Financial Results for the Three-Month Period ended September 30, 2016
- Cash / liquidity position: As of September 30, 2016, Adaptimmune had $140.4 million of cash and cash equivalents and $47.1 million of short-term deposits representing a total liquidity position1 of $187.5 million. For the three months ended September 30, 2016, the decrease in cash and cash equivalents was $10.5 million and the decrease in short-term deposits was $7.9 million, representing a decrease in total liquidity position of $18.4 million.
- Revenue: For the three months ended September 30, 2016, revenue was $2.4 million compared to $4.9 million for the three months ended September 30, 2015. This decrease was primarily due to the impact of development milestones achieved in the three months ended in September 30, 2015 under the GSK Collaboration and License Agreement.

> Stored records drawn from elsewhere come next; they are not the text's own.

(* In the discrete setting described in the context, let $x_1,\dots,x_k\in\mathrm{dom}\,\partial l$ be arbitrary, and for each $i\ge1$ let $u_i\in\partial f(x_i)=\nabla g(x_i)+\partial l(x_i)$ and $$E_i:=A_i\Bigl\langle u_i,\;x_i-\frac{a_i}{A_i}z_i-\frac{A_{i-1}}{A_i}x_{i-1}\Bigr\rangle-\frac{\gamma}{q}\|z_i-z_{i-1}\|^q.$$ Then for all $k\ge1$, $$A_kf(x_k)-\psi_k(z_k)\le\sum_{i=1}^kE_i.$$
   Context: $\|\cdot\|$ is a norm on $\mathbb{R}^d$. A function $\varphi:\mathbb{R}^d\to\mathbb{R}\cup\{+\infty\}$ is $(s,\sigma)$-uniformly convex w.r.t. $\|\cdot\|$ ($s\ge2$, $\sigma>0$) if $\varphi(y)\ge\varphi(x)+\langle\zeta,y-x\rangle+\frac{\sigma}{s}\|y-x\|^s$ for all $y$, all $x$ with $\partial\varphi(x)\ne\emptyset$ and all $\zeta\in\partial\varphi(x)$. $f=g+l$ with $g:\mathbb{R}^d\to\mathbb{R}$ convex and differentiable and $l:\mathbb{R}^d\to\mathbb{R}\cup\{+\infty\}$ proper, closed, convex. $\hat f(x;y):=g(y)+\langle\nabla g(y),x-y\rangle+l(x)$. Fix $q\ge2$, $\gamma>0$, $x_0\in\mathrm{dom}\,l$, and $h(\cdot;x_0):\mathbb{R}^d\to\mathbb{R}$ convex with $h(x;x_0)\ge0$, $h(x;x_0)=0$ iff $x=x_0$, and $h(\cdot;x_0)$ $(q,\gamma)$-uniformly convex w.r.t. $\|\cdot\|$. Let $a_1,a_2,\dots>0$, $A_0:=0$, $A_i:=A_{i-1}+a_i$. Set $\psi_0:=h(\cdot;x_0)$, $\psi_k(x):=\sum_{i=1}^ka_i\hat f(x;x_i)+h(x;x_0)$, $z_0:=x_0$, and for $k\ge1$ let $z_k$ be the unique minimizer of $\psi_k$. *)

From Stdlib Require Import Reals Lra.
From mathcomp Require Import ssreflect ssrfun ssrbool eqtype ssrnat fintype bigop.
Set Implicit Arguments.
Unset Strict Implicit.
Local Open Scope R_scope.

Definition vec (d : nat) := 'I_d -> R.
Definition vadd {d} (x y : vec d) : vec d := fun i => x i + y i.
Definition vsub {d} (x y : vec d) : vec d := fun i => x i - y i.
Definition vscale {d} (c : R) (x : vec d) : vec d := fun i => c * x i.
Definition vzero {d} : vec d := fun _ => 0.
Definition inner {d} (x y : vec d) : R := \big[Rplus/R0]_(i < d) (x i * y i).

Definition is_norm {d} (N : vec d -> R) : Prop :=
  (forall x, 0 <= N x) /\
  (forall x, N x = 0 -> x = vzero) /\
  (forall c x, N (vscale c x) = Rabs c * N x) /\
  (forall x y, N (vadd x y) <= N x + N y).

- Research and development (“R&D”) expenses: R&D expenses increased to $15.6 million for the three months ended September 30, 2016 from $8.9 million for the three months ended September 30, 2015, primarily due to increased period-over-period costs associated with ongoing clinical trials of the Company’s NY-ESO and MAGE-A10 SPEAR T-cell therapies; preparation for a study with the Company’s SPEAR T-cell therapy targeting AFP; and increased personnel expenses.

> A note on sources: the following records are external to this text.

(* Let $\delta_j,\delta_k$ be coprime integers with $1<\delta_j<\delta_k$, let $r=\delta_k\bmod\delta_j$ and let $f\colon \mathcal B(\delta_j,r)\to\mathcal B(\delta_k,\delta_j)$, $f(x',y')=(y',\,x'-y'\lfloor \delta_k/\delta_j\rfloor)$. Then the irreducible elements of $\mathcal B(\delta_k,\delta_j)\cap f(\mathcal B(\delta_j,r))$ are exactly the images $f(\mathbf x')$ of the irreducible elements $\mathbf x'$ of $\mathcal B(\delta_j,r)$.
   Context: For coprime positive integers $p,q$ and $i\in\{1,\ldots,\max\{p,q\}\}$, the $\lambda$-B\'ezout couple $\boldsymbol\lambda_i$ of $i$ for $(p,q)$ is the unique $(x,y)\in\mathbb Z^2$ with $xp+yq=i$ and $0<y\le p$, and the $\mu$-B\'ezout couple $\boldsymbol\mu_i$ of $i$ for $(p,q)$ is the unique $(x,y)\in\mathbb Z^2$ with $xp+yq=i$ and $0<x\le q$. $\mathcal B(p,q)$ denotes the set of all $\lambda$- and $\mu$-B\'ezout couples for $(p,q)$. $\boldsymbol\lambda_i$ is irreducible if there are no $j,k\in\{1,\ldots,\max\{p,q\}\}$ with $\boldsymbol\lambda_i=\boldsymbol\lambda_j+\boldsymbol\lambda_k$; likewise $\boldsymbol\mu_i$ is irreducible if there are no such $j,k$ with $\boldsymbol\mu_i=\boldsymbol\mu_j+\boldsymbol\mu_k$. *)

From Stdlib Require Import ZArith Lia.
Open Scope Z_scope.

Definition is_lambda_couple (p q i : Z) (v : Z * Z) : Prop :=
  fst v * p + snd v * q = i /\ 0 < snd v <= p.

Definition is_mu_couple (p q i : Z) (v : Z * Z) : Prop :=
  fst v * p + snd v * q = i /\ 0 < fst v <= q.

Definition lambda_couple (p q : Z) (v : Z * Z) : Prop :=
  exists i, 1 <= i <= Z.max p q /\ is_lambda_couple p q i v.

Definition mu_couple (p q : Z) (v : Z * Z) : Prop :=
  exists i, 1 <= i <= Z.max p q /\ is_mu_couple p q i v.

Definition Bez (p q : Z) (v : Z * Z) : Prop :=
  lambda_couple p q v \/ mu_couple p q v.

Definition addZ2 (u w : Z * Z) : Z * Z := (fst u + fst w, snd u + snd w).

Definition irreducible_Bez (p q : Z) (v : Z * Z) : Prop :=
  (lambda_couple p q v /\
     ~ (exists u w, lambda_couple p q u /\ lambda_couple p q w /\ v = addZ2 u w))
  \/
  (mu_couple p q v /\
     ~ (exists u w, mu_couple p q u /\ mu_couple p q w /\ v = addZ2 u w)).

Definition fmap (dj dk : Z) (v : Z * Z) : Z * Z :=
  (snd v, fst v - snd v * (dk / dj)).

From Stdlib Require Import ZArith Lia.
Open Scope Z_scope.

(* Write p = q Q + r.  The map f : (x, y) |-> (y, x - y Q) is one step of the
   Euclidean algorithm: it preserves the index, x q + y r = x' p + y' q, and
   sends lambda-couples of (q, r) to mu-couples of (p, q) and vice versa.  It
   is additive with additive inverse (x, y) |-> (y + x Q, x), and this inverse
   sends couples of (p, q) of index at most q back to couples of (q, r).
   Since indices are at least 1 and add up, both summands of a decomposition
   of an image f v (whose index is at most q) have index at most q, so they
   pull back; hence f preserves and reflects decomposability.  Lambda- and
   mu-couples never coincide, so irreducibility is transferred as well. *)

Definition bezout_index (p q : Z) (v : Z * Z) : Z := fst v * p + snd v * q.

Definition bezout_shift (Q : Z) (v : Z * Z) : Z * Z := (snd v, fst v - snd v * Q).

Definition bezout_unshift (Q : Z) (v : Z * Z) : Z * Z := (snd v + fst v * Q, fst v).

Definition decomposable (C : Z * Z -> Prop) (v : Z * Z) : Prop :=
  exists u w, C u /\ C w /\ v = addZ2 u w.

Lemma bezout_shiftK Q v : bezout_unshift Q (bezout_shift Q v) = v.
Proof. destruct v; unfold bezout_unshift, bezout_shift; simpl; f_equal; ring. Qed.

Lemma bezout_shift_add Q u w :
  bezout_shift Q (addZ2 u w) = addZ2 (bezout_shift Q u) (bezout_shift Q w).
Proof. destruct u, w; unfold bezout_shift, addZ2; simpl; f_equal; ring. Qed.

Lemma bezout_unshift_add Q u w :
  bezout_unshift Q (addZ2 u w) = addZ2 (bezout_unshift Q u) (bezout_unshift Q w).
Proof. destruct u, w; unfold bezout_unshift, addZ2; simpl; f_equal; ring. Qed.

Lemma bezout_index_add p q u w :
  bezout_index p q (addZ2 u w) = bezout_index p q u + bezout_index p q w.
Proof. destruct u, w; unfold bezout_index, addZ2; simpl; ring. Qed.

Lemma lambda_couple_index p q v :
  lambda_couple p q v -> 1 <= bezout_index p q v <= Z.max p q.
Proof. intros [i [Hi [Hv _]]]; unfold bezout_index; lia. Qed.

Lemma mu_couple_index p q v :
  mu_couple p q v -> 1 <= bezout_index p q v <= Z.max p q.
Proof. intros [i [Hi [Hv _]]]; unfold bezout_index; lia. Qed.

Lemma lambda_mu_couple_disjoint p q v :
  0 < p -> 0 < q -> lambda_couple p q v -> mu_couple p q v -> False.
Proof.
  destruct v as [x y]; intros Hp Hq [i [Hi [Hv Hy]]] [j [Hj [Hv' Hx]]]; simpl in *.
  nia.
Qed.

Lemma decomposable_transfer (F G : Z * Z -> Z * Z) (J : Z * Z -> Z)
    (C D : Z * Z -> Prop) (q : Z) v :
  (forall v, G (F v) = v) ->
  (forall u w, F (addZ2 u w) = addZ2 (F u) (F w)) ->
  (forall u w, G (addZ2 u w) = addZ2 (G u) (G w)) ->
  (forall u w, J (addZ2 u w) = J u + J w) ->
  (forall v, C v -> D (F v)) ->
  (forall u, D u -> J u <= q -> C (G u)) ->
  (forall u, D u -> 1 <= J u) ->
  J (F v) <= q ->
  decomposable D (F v) <-> decomposable C v.
Proof.
  intros FK F_add G_add J_add CD DC D_pos Jv; split.
  - intros [u [w [Du [Dw Ev]]]].
    assert (Juw : J (F v) = J u + J w) by (rewrite Ev; apply J_add).
    pose proof (D_pos u Du); pose proof (D_pos w Dw).
    exists (G u), (G w); split; [|split].
    + apply DC; [assumption | lia].
    + apply DC; [assumption | lia].
    + rewrite <- G_add, <- Ev, FK; reflexivity.
  - intros [u [w [Cu [Cw ->]]]].
    exists (F u), (F w); repeat split; auto.
Qed.

Section EuclideanStep.

Variables p q r Q : Z.
Hypothesis p_eq : p = q * Q + r.
Hypothesis r_bounds : 1 <= r < q.
Hypothesis Q_ge0 : 0 <= Q.

Lemma bezout_index_shift v : bezout_index p q (bezout_shift Q v) = bezout_index q r v.
Proof. destruct v; unfold bezout_index, bezout_shift; simpl; subst p; ring. Qed.

Lemma lambda_couple_shift v : lambda_couple q r v -> mu_couple p q (bezout_shift Q v).
Proof.
  destruct v as [x y]; intros [i [Hi [Hv Hy]]]; simpl in *.
  exists i; unfold is_mu_couple, bezout_shift; simpl.
  split; [nia|]; split; [subst p i; ring | lia].
Qed.

Lemma mu_couple_shift v : mu_couple q r v -> lambda_couple p q (bezout_shift Q v).
Proof.
  destruct v as [x y]; intros [i [Hi [Hv Hx]]]; simpl in *.
  exists i; unfold is_lambda_couple, bezout_shift; simpl.
  assert (y_le0 : y <= 0) by nia.
  assert (y_gt : - q < y) by nia.
  split; [nia|]; split; [subst p i; ring | nia].
Qed.

Lemma mu_couple_unshift u :
  mu_couple p q u -> bezout_index p q u <= q -> lambda_couple q r (bezout_unshift Q u).
Proof.
  destruct u as [a b]; intros [i [Hi [Hu Ha]]] Hle; unfold bezout_index in Hle; simpl in *.
  exists i; unfold is_lambda_couple, bezout_unshift; simpl.
  split; [lia|]; split; [subst p i; ring | lia].
Qed.

Lemma lambda_couple_unshift u :
  lambda_couple p q u -> bezout_index p q u <= q -> mu_couple q r (bezout_unshift Q u).
Proof.
  destruct u as [a b]; intros [i [Hi [Hu Hb]]] Hle; unfold bezout_index in Hle; simpl in *.
  exists i; unfold is_mu_couple, bezout_unshift; simpl.
  assert (a_le0 : a <= 0) by nia.
  assert (a_gt : - q < a) by nia.
  assert (Hk : q * (b + a * Q) = i - a * r) by (subst p; nia).
  split; [lia|]; split; [subst p i; ring | nia].
Qed.

Lemma Bez_shift v : Bez q r v -> Bez p q (bezout_shift Q v).
Proof.
  intros [Hv | Hv]; [right; apply lambda_couple_shift | left; apply mu_couple_shift];
    assumption.
Qed.

Lemma bezout_index_shift_le v : Bez q r v -> bezout_index p q (bezout_shift Q v) <= q.
Proof.
  rewrite bezout_index_shift.
  intros [Hv | Hv]; [apply lambda_couple_index in Hv | apply mu_couple_index in Hv]; lia.
Qed.

Lemma decomposable_lambda_shift v :
  lambda_couple q r v ->
  decomposable (mu_couple p q) (bezout_shift Q v) <-> decomposable (lambda_couple q r) v.
Proof.
  intro Hv; apply decomposable_transfer with (G := bezout_unshift Q) (J := bezout_index p q) (q := q).
  - apply bezout_shiftK.
  - apply bezout_shift_add.
  - apply bezout_unshift_add.
  - apply bezout_index_add.
  - apply lambda_couple_shift.
  - apply mu_couple_unshift.
  - intros u Hu; apply mu_couple_index in Hu; lia.
  - apply bezout_index_shift_le; left; exact Hv.
Qed.

Lemma decomposable_mu_shift v :
  mu_couple q r v ->
  decomposable (lambda_couple p q) (bezout_shift Q v) <-> decomposable (mu_couple q r) v.
Proof.
  intro Hv; apply decomposable_transfer with (G := bezout_unshift Q) (J := bezout_index p q) (q := q).
  - apply bezout_shiftK.
  - apply bezout_shift_add.
  - apply bezout_unshift_add.
  - apply bezout_index_add.
  - apply mu_couple_shift.
  - apply lambda_couple_unshift.
  - intros u Hu; apply lambda_couple_index in Hu; lia.
  - apply bezout_index_shift_le; right; exact Hv.
Qed.

Lemma irreducible_Bez_shift v :
  Bez q r v -> irreducible_Bez p q (bezout_shift Q v) <-> irreducible_Bez q r v.
Proof.
  assert (p_pos : 0 < p) by nia.
  assert (q_pos : 0 < q) by lia.
  assert (r_pos : 0 < r) by lia.
  intros [Hv | Hv].
  - pose proof (lambda_couple_shift v Hv) as Hfv.
    pose proof (decomposable_lambda_shift v Hv) as Hdec.
    split; [intros [[Hl _] | [_ Hn]] | intros [[_ Hn] | [Hm _]]].
    + exfalso; exact (lambda_mu_couple_disjoint p q _ p_pos q_pos Hl Hfv).
    + left; split; [exact Hv | intro Hd; exact (Hn (proj2 Hdec Hd))].
    + right; split; [exact Hfv | intro Hd; exact (Hn (proj1 Hdec Hd))].
    + exfalso; exact (lambda_mu_couple_disjoint q r _ q_pos r_pos Hv Hm).
  - pose proof (mu_couple_shift v Hv) as Hfv.
    pose proof (decomposable_mu_shift v Hv) as Hdec.
    split; [intros [[_ Hn] | [Hm _]] | intros [[Hl _] | [_ Hn]]].
    + right; split; [exact Hv | intro Hd; exact (Hn (proj2 Hdec Hd))].
    + exfalso; exact (lambda_mu_couple_disjoint p q _ p_pos q_pos Hfv Hm).
    + exfalso; exact (lambda_mu_couple_disjoint q r _ q_pos r_pos Hl Hv).
    + left; split; [exact Hfv | intro Hd; exact (Hn (proj1 Hdec Hd))].
Qed.

End EuclideanStep.

Lemma coprime_mod_pos (a b : Z) : 0 < a -> a <> 1 -> Z.gcd a b = 1 -> 0 < b mod a.
Proof.
  intros a_pos a_ne1 Hg.
  pose proof (Z.mod_pos_bound b a a_pos) as Hb.
  destruct (Z.eq_dec (b mod a) 0) as [E | E]; [|lia].
  pose proof (Z.gcd_mod b a ltac:(lia)) as Hgm.
  rewrite E, Z.gcd_0_l, Hg, Z.abs_eq in Hgm; lia.
Qed.

Theorem proposition3p10 (dj dk : Z) :
  1 < dj -> dj < dk -> Z.gcd dj dk = 1 ->
  let r := dk mod dj in
  forall e : Z * Z,
    (Bez dk dj e /\ (exists v', Bez dj r v' /\ e = fmap dj dk v')
       /\ irreducible_Bez dk dj e)
    <->
    (exists v', Bez dj r v' /\ irreducible_Bez dj r v' /\ e = fmap dj dk v').
Proof.
  intros dj_gt1 dj_lt_dk Hg r e.
  assert (dk_eq : dk = dj * (dk / dj) + r) by (apply Z.div_mod; lia).
  assert (r_bounds : 1 <= r < dj).
  { pose proof (Z.mod_pos_bound dk dj ltac:(lia)).
    pose proof (coprime_mod_pos dj dk ltac:(lia) ltac:(lia) Hg); unfold r; lia. }
  assert (Q_ge0 : 0 <= dk / dj) by (apply Z.div_pos; lia).
  change (fmap dj dk) with (bezout_shift (dk / dj)).
  pose proof (Bez_shift _ _ _ _ dk_eq r_bounds Q_ge0) as Bez_f.
  pose proof (irreducible_Bez_shift _ _ _ _ dk_eq r_bounds Q_ge0) as irr_f.
  split.
  - intros [_ [[v [Hv ->]] Hirr]].
    exists v; repeat split; [exact Hv | exact (proj1 (irr_f v Hv) Hirr)].
  - intros [v [Hv [Hirr ->]]].
    split; [exact (Bez_f v Hv)|].
    split; [exists v; split; [exact Hv | reflexivity]|].
    exact (proj2 (irr_f v Hv) Hirr).
Qed.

- General and administrative (“G&A”) expenses: G&A expenses were $5.4 million for the three months ended September 30, 2016 compared to $4.4 million for the three months ended September 30, 2015. The increase was primarily due to increased personnel costs.
- Net loss: Net loss attributable to holders of the Company’s ordinary shares was $18.5 million for the three months ended September 30, 2016. This equates to $(0.04) per ordinary share or $(0.26) per American Depositary Share.
1 Total liquidity position is a non GAAP financial measure, which is explained and reconciled to the most directly comparable financial measures prepared in accordance with GAAP below.
Adaptimmune is reiterating its guidance. For the full year 2016, the Company expects its decrease in total liquidity position to be between $80 and $100 million and expects its total liquidity position at December 31, 2016, including cash, cash equivalents and short term deposits, to be at least $150 million. This guidance excludes the effect of any potential new business development activities.